Stunning Orionid Meteor Shower to Peak – Your Watch Forecast
Orionid meteors appear every year around this time, according to NASA. It happens when Earth travels through an area of space littered with debris from Halley’s Comet. This year the peak will occur on the night of Wednesday, Oct. 21 into the morning of Thursday, Oct. 22.
“The Orionids will probably show weaker activity than usual this year,” says Bill Cooke of the NASA Meteoroid Environments Office at Marshall Space Flight Center in Huntsville, Alabama. Cooke adds, “Bits of comet dust hitting the atmosphere will probably give us about a dozen meteors per hour.”
The best time to look for Orionid meteors is just before sunrise this Thursday, Oct. 22, when Earth encounters the densest part of Halley’s debris stream.

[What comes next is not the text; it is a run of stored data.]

Lemma choi_sigmaz_channel d (D : 'M[C]_d) : choi (sigmaz_channel D) = sigmaz *t D^T.
Proof.
rewrite /choi [D^T]matrix_sum_delta tensmx_sumr; apply: eq_bigr => i _.
rewrite tensmx_sumr; apply: eq_bigr => j _.
by rewrite /sigmaz_channel mxtrace_delta_mul tensmxZl tensmxZr mxE.
Qed.

Lemma ext_id_sigmaz_channel_rank1 d (w : 'cV[C]_d) (x : 'cV[C]_(d * d)) :
  ext_id (sigmaz_channel (- (w *m w ^t*))) (x *m x ^t*) =
  - (sigmaz *t (contract1 w x *m (contract1 w x) ^t*)).
Proof.
rewrite ext_idE -tensmxNr -sum_tens_block_rank1 tensmx_sumr; apply: eq_bigr => i _.
rewrite tensmx_sumr; apply: eq_bigr => a _.
by rewrite /sigmaz_channel mxtrace_delta_mul tensmxZl tensmxZr.
Qed.

Lemma me_norm_sigmaz_rank1 d (w : 'cV[C]_d) (s : R) : sqnorm w = s%:C ->
  me_norm (sigmaz_channel (- (w *m w ^t*))) = d%:R^-1 * (2%:R * s).
Proof.
move=> ws; rewrite /me_norm choi_sigmaz_channel.
have -> : (- (w *m w ^t*))^T = - (map_mx Num.conj w *m (map_mx Num.conj w) ^t*).
  rewrite linearN; congr (- _); apply/matrixP => i j.
  by rewrite !mxE !big_ord1 !mxE conjCK mulrC.
rewrite tensmxNr scalerN trace_normN.
rewrite (_ : (d%:R)^-1 = ((d%:R)^-1 : R)%:C :> C); last by rewrite fmorphV rmorph_nat.
by rewrite (trace_norm_sigmaz_outer _ (etrans (sqnorm_conj w) ws)) // invr_ge0 ler0n.
Qed.

Lemma densitymx_outer n (x : 'cV[C]_n) (c : R) :
  0 <= c -> c%:C * sqnorm x = 1 -> densitymx (c%:C *: (x *m adjmx x)).
Proof.
move=> c0 cx1; rewrite adjmxE; split; last by rewrite mxtraceZ mxtrace_outer.
apply/psdmxE => v; rewrite -scalemxAr -scalemxAl mxE.
by rewrite mulr_ge0 ?lecR ?qform_outer_ge0.
Qed.

Lemma diamond_norm_sigmaz_rank1 d (w : 'cV[C]_d) (s : R) :
  sqnorm w = s%:C -> 0 < s ->
  diamond_norm (sigmaz_channel (- (w *m w ^t*))) = 2%:R * s.
Proof.
move=> ws s_gt0; have s0 := ltW s_gt0.
have s2C : (2%:R * s)%:C = 2%:R * s%:C by rewrite rmorphM rmorph_nat.
apply: sup_eq_max => [|r [rho [rho_dens ->]]]; last first.
  apply: (trace_norm_ext_id_le rho_dens) => [|U x Uu]; first by rewrite mulr_ge0.
  rewrite ext_id_sigmaz_channel_rank1 mulmxN linearN normrN.
  apply: le_trans (trace_sigmaz_outer_le _ Uu) _.
  by rewrite s2C -mulrA ler_pM2l ?ltr0n // -ws sqnorm_contract1_le.
(* contract1 w (w (x) w) = |w|^2 w, so the normalized state w (x) w attains the bound. *)
pose x0 : 'cV[C]_(d * d) := w *t w.
have x0n : sqnorm x0 = (s * s)%:C by rewrite sqnorm_tensmx ws rmorphM.
exists ((s ^- 2)%:C *: (x0 *m adjmx x0)); split.
  apply: densitymx_outer; rewrite ?invr_ge0 ?exprn_ge0 // x0n -rmorphM expr2.
  by rewrite mulVf ?mulf_neq0 ?gt_eqF.
rewrite adjmxE ext_idZ ext_id_sigmaz_channel_rank1 contract1_tensmx -/(sqnorm w) ws.
have -> : (s%:C *: w) *m (s%:C *: w) ^t* = (s * s)%:C *: (w *m w ^t*).
  rewrite [(_ *: _)^T]linearZ /= map_mxZ /= conj_realC -scalemxAl -scalemxAr.
  by rewrite scalerA rmorphM.
rewrite tensmxZr scalerN scalerA trace_normN -rmorphM.
rewrite (trace_norm_sigmaz_outer _ ws) ?mulr_ge0 ?invr_ge0 ?exprn_ge0 //.
by field; rewrite gt_eqF.
Qed.

Lemma MEWC_dich_rank1 (A B : 'M[C]_2) (w : 'cV[C]_2) (s : R) :
  A - B = - (w *m w ^t*) -> sqnorm w = s%:C -> 0 < s -> MEWC (dich A) (dich B).
Proof.
move=> ABw ws s_gt0; rewrite /MEWC diff_channel_dich ABw.
rewrite (diamond_norm_sigmaz_rank1 ws s_gt0) (me_norm_sigmaz_rank1 ws).
by rewrite mulrA mulfV ?mul1r // pnatr_eq0.
Qed.

End Norms.

Section Example.
Variable R : realType.
Local Open Scope complex_scope.
Local Open Scope ring_scope.
Local Open Scope sesquilinear_scope.
Local Notation C := R[i].

Lemma psdmx_mx2 (a c : R) (b : C) :
  0 < a -> `|b| ^+ 2 <= (a * c)%:C -> psdmx (mx2 a%:C b b^* c%:C).
Proof.
move=> a_gt0 b_le; apply/psdmxE => v; rewrite -(pmulr_rge0 _ (_ : 0 < a%:C)) ?ltcR //.
have -> : a%:C * (v ^t* *m mx2 a%:C b b^* c%:C *m v) 0 0 =
    `|a%:C * v 0 0 + b * v 1 0| ^+ 2 + ((a * c)%:C - `|b| ^+ 2) * `|v 1 0| ^+ 2.
  by rewrite !(mxE, sum_ord2) /= !normCK rmorphD !rmorphM /= conj_realC; ring.
by rewrite addr_ge0 ?mulr_ge0 ?subr_ge0 ?exprn_ge0.
Qed.

Lemma povm_dich (E : 'M[C]_2) : psdmx E -> psdmx (1%:M - E) -> povm (dich E).
Proof.
move=> E_psd E1_psd; split; first by move=> i; rewrite /dich; case: ifP.
by rewrite sum_ord2 /dich /= addrC subrK.
Qed.

Lemma one_sub_mx2 (a c : R) (b : C) :
  1%:M - mx2 a%:C b b^* c%:C = mx2 (1 - a)%:C (- b) (- b)^* (1 - c)%:C.
Proof.
apply/matrixP => i j; rewrite !mxE rmorphN !rmorphB /=.
by case: i => [[|[|//]] ?]; case: j => [[|[|//]] ?]; rewrite /= ?mulr1n ?mulr0n ?sub0r.
Qed.

Lemma povm_dich_mx2 (a c : R) (b : C) : 0 < a < 1 ->
  `|b| ^+ 2 <= (a * c)%:C -> `|b| ^+ 2 <= ((1 - a) * (1 - c))%:C ->
  povm (dich (mx2 a%:C b b^* c%:C)).
Proof.
case/andP=> a_gt0 a_lt1 bM bN; apply: povm_dich; first exact: psdmx_mx2.
by rewrite one_sub_mx2; apply: psdmx_mx2; rewrite ?subr_gt0 ?normrN.
Qed.

Lemma sqr_norm_realC (r : R) : `|r%:C| ^+ 2 = (r ^+ 2)%:C.
Proof. by rewrite -add_Re2_Im2 /= expr0n addr0. Qed.

Local Notation r10 := (Num.sqrt (10%:R^-1 : R)).

Definition ex_w : 'cV[C]_2 :=
  \col_i (Num.sqrt (if i == 0 then 5%:R^-1 else 2%:R^-1))%:C.

Lemma exM0E : exM0 R = mx2 (10%:R^-1)%:C 0%:C (0%:C)^* (5%:R^-1)%:C.
Proof. by rewrite /exM0 conj_realC rmorph0 !fmorphV !rmorph_nat. Qed.

Lemma exN0E : exN0 R = mx2 (3%:R / 10%:R)%:C r10%:C (r10%:C)^* (7%:R / 10%:R)%:C.
Proof. by rewrite /exN0 conj_realC !rmorphM !fmorphV !rmorph_nat. Qed.

Lemma povm_exM0 : povm (dich (exM0 R)).
Proof.
rewrite exM0E; apply: povm_dich_mx2; rewrite ?sqr_norm_realC ?lecR ?expr0n /=.
- by apply/andP; split; lra.
- lra.
- lra.
Qed.

Lemma povm_exN0 : povm (dich (exN0 R)).
Proof.
have r10_sqr : r10 ^+ 2 = 10%:R^-1 by rewrite sqr_sqrtr // invr_ge0 ler0n.
rewrite exN0E; apply: povm_dich_mx2; rewrite ?sqr_norm_realC ?lecR ?r10_sqr.
- by apply/andP; split; lra.
- lra.
- lra.
Qed.

Lemma sqnorm_ex_w : sqnorm ex_w = (7%:R / 10%:R)%:C.
Proof.
rewrite sqnormE sum_ord2 !mxE /= !sqr_norm_realC !sqr_sqrtr ?invr_ge0 ?ler0n //.
by rewrite -rmorphD; congr (_%:C); field.
Qed.

Lemma exM0_sub_exN0 : exM0 R - exN0 R = - (ex_w *m ex_w ^t*).
Proof.
rewrite exM0E exN0E; apply/matrixP => i j; rewrite !mxE big_ord1 !mxE !conj_realC.
have sqrt_sqr (x : R) : 0 <= x -> Num.sqrt x * Num.sqrt x = x.
  by move=> x0; rewrite -expr2 sqr_sqrtr.
have r10E : Num.sqrt (5%:R^-1 : R) * Num.sqrt 2%:R^-1 = r10.
  by rewrite -sqrtrM ?invr_ge0 ?ler0n // -invfM -natrM.
case: i => [[|[|//]] ?]; case: j => [[|[|//]] ?];
  rewrite /= -(rmorphM (real_complex R)) -(rmorphB (real_complex R)) -(rmorphN (real_complex R)).
- by congr (_%:C); rewrite sqrt_sqr ?invr_ge0 ?ler0n //; lra.
- by rewrite r10E sub0r.
- by rewrite mulrC r10E sub0r.
- by congr (_%:C); rewrite sqrt_sqr ?invr_ge0 ?ler0n //; lra.
Qed.

Lemma exM0_exN0_noncomm : exM0 R *m exN0 R != exN0 R *m exM0 R.
Proof.
have r10_gt0 : 0 < r10 by rewrite sqrtr_gt0 invr_gt0 ltr0n.
apply/eqP => /matrixP/(_ 0 1); rewrite exM0E exN0E !(mxE, sum_ord2) /=.
rewrite -!(rmorphM (real_complex R)) -!(rmorphD (real_complex R)) => /complexI.
lra.
Qed.

End Example.

Theorem corollary7 (R : realType) :
  (exists M N : 'I_2 -> 'M[R[i]]_2,
     [/\ povm M, povm N,
         (exists i j, M i *m N j != N j *m M i) & MEWC M N]) /\
  [/\ povm (dich (exM0 R)), povm (dich (exN0 R)),
      exM0 R *m exN0 R != exN0 R *m exM0 R &
      MEWC (dich (exM0 R)) (dich (exN0 R))].
Proof.
have ex_MEWC : MEWC (dich (exM0 R)) (dich (exN0 R)).
  apply: (MEWC_dich_rank1 (@exM0_sub_exN0 R) (@sqnorm_ex_w R)); lra.
split; last by split; [exact: povm_exM0 | exact: povm_exN0 | exact: exM0_exN0_noncomm |].
exists (dich (exM0 R)), (dich (exN0 R)); split => //; [exact: povm_exM0 | exact: povm_exN0 |].
by exists 0, 0; exact: exM0_exN0_noncomm.
Qed.
Lemma sin_neq0_cos_gt0 (x : R) : 0 < `|x| < pi / 2 -> sin x != 0 /\ 0 < cos x.
Proof.
move=> /andP[x0 xpi]; split; last by apply: cos_gt0_pihalf; rewrite -ltr_norml.
have : 0 < sin `|x| by apply: sin_gt0_pihalf; rewrite x0 xpi.
by case: (ler0P x) => _; rewrite ?sinN ?oppr_gt0; [exact: ltr0_neq0|exact: lt0r_neq0].
Qed.

Definition regular_near c alpha (t0 r0 : R) := forall x, `|x - t0| < r0 ->
  [/\ forall n, derivable (iter n (@derive1 R V) c) x 1,
      forall n, derivable (iter n (@derive1 R R) alpha) x 1,
      enorm (derive1 c x) = 1, 0 < curvature c x & 0 < `|alpha x| < pi / 2].

Lemma normal_form0 c alpha s : normal_form c alpha s 0 = c s.
Proof. by rewrite /normal_form scale0r addr0. Qed.

Lemma normal_form_close c alpha s v r0 : 0 < r0 ->
  (forall y, `|y - s| < r0 -> enorm (derive1 c y) = 1) ->
  derivable (derive1 c) s 1 -> 0 < curvature c s ->
  `|normal_form c alpha s v - c s| <= `|v|.
Proof.
move=> r00 c1 d1 k0; have [ee nn en] := frenet_orthonormal r00 c1 d1 k0.
by rewrite /normal_form addrC addKr normrZ ler_piMr // unit_normr_le1 // ruling_unit.
Qed.

Lemma normal_dual_meet_near c alpha (t0 r0 : R) : 0 < r0 -> regular_near c alpha t0 r0 ->
  exists2 r : R, 0 < r & forall s t v w, `|s - t0| < r -> `|t - t0| < r ->
    `|v| < r -> `|w| < r ->
    meet_only_on_curve c (normal_form c alpha) (dual_form c alpha) s t v w.
Proof.
move=> r00 reg; have t0r : `|t0 - t0| < r0 by rewrite subrr normr0.
have dc n x (xr : `|x - t0| < r0) : derivable (iter n (@derive1 R V) c) x 1.
  by case: (reg x xr).
have da n x (xr : `|x - t0| < r0) : derivable (iter n (@derive1 R R) alpha) x 1.
  by case: (reg x xr).
have k0 x (xr : `|x - t0| < r0) : 0 < curvature c x by case: (reg x xr).
have [_ _ _ _ /sin_neq0_cos_gt0[sa ca]] := reg t0 t0r.
have la : lipschitz_near t0 alpha := lipschitz_near_derivable r00 (da 0%N) (da 1%N t0 t0r).
have la' : lipschitz_near t0 (derive1 alpha) :=
  lipschitz_near_derivable r00 (da 1%N) (da 2%N t0 t0r).
have lna' : lipschitz_near t0 (derive1 (fun s => - alpha s)).
  apply: lipschitz_near_eq r00 _ (lipschitz_nearN la') => x xr.
  by rewrite (derive1N (da 0%N x xr)).
have lxi := ruling_lipschitz_near r00 dc k0 la la' sa.
have leta := ruling_lipschitz_near r00 dc k0 (lipschitz_nearN la) lna'
  (ltac:(by rewrite sinN oppr_eq0)).
have c1 y (yr : `|y - t0| < r0) : enorm (derive1 c y) = 1 by case: (reg y yr).
have [ee nn en] := frenet_orthonormal r00 c1 (dc 1%N t0 t0r) (k0 t0 t0r).
have [r r_gt0 T] := transversal_near r00 (dc 0%N)
  (derivable1_continuous (dc 1%N t0 t0r))
  (lipschitz_near_continuous lxi) leta (tangent_ruling_dual_det ee nn en sa (lt0r_neq0 ca)).
exists r => [//|s t v w sr tr vr _]; have [T1 T2] := T s t v w sr tr.
by split=> [/T1 //|/(T2 vr) [-> ->]].
Qed.

Lemma meet_only_on_curve_eq c (F G : R -> R -> V) s s' t t' v w :
  (forall u, F s' u = F s u) -> (forall u, G s' u = G s u) -> c s' = c s ->
  (forall u, G t' u = G t u) -> c t' = c t ->
  meet_only_on_curve c F G s' t' v w -> meet_only_on_curve c F G s t v w.
Proof. by move=> Fs Gs cs Gt ct; rewrite /meet_only_on_curve Fs Gs cs Gt ct. Qed.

Observing is simple: set the alarm a few hours before dawn, go outside and look up in the direction of the constellation Orion. No telescope is necessary to see Orionids shooting across the sky. While the meteor count may be lower this year, viewing conditions are favorable, as the gibbous moon will set by 2 a.m. EDT time, permitting good viewing just before dawn when rates will be at their highest.
The display will be framed by some of the prettiest stars in the night sky. In addition to Orionids, you’ll see the “Dog Star” Sirius, bright winter constellations such as Orion, Gemini, and Taurus, and the planets Jupiter and Venus. Even if the shower is a dud, the rest of the sky is dynamite.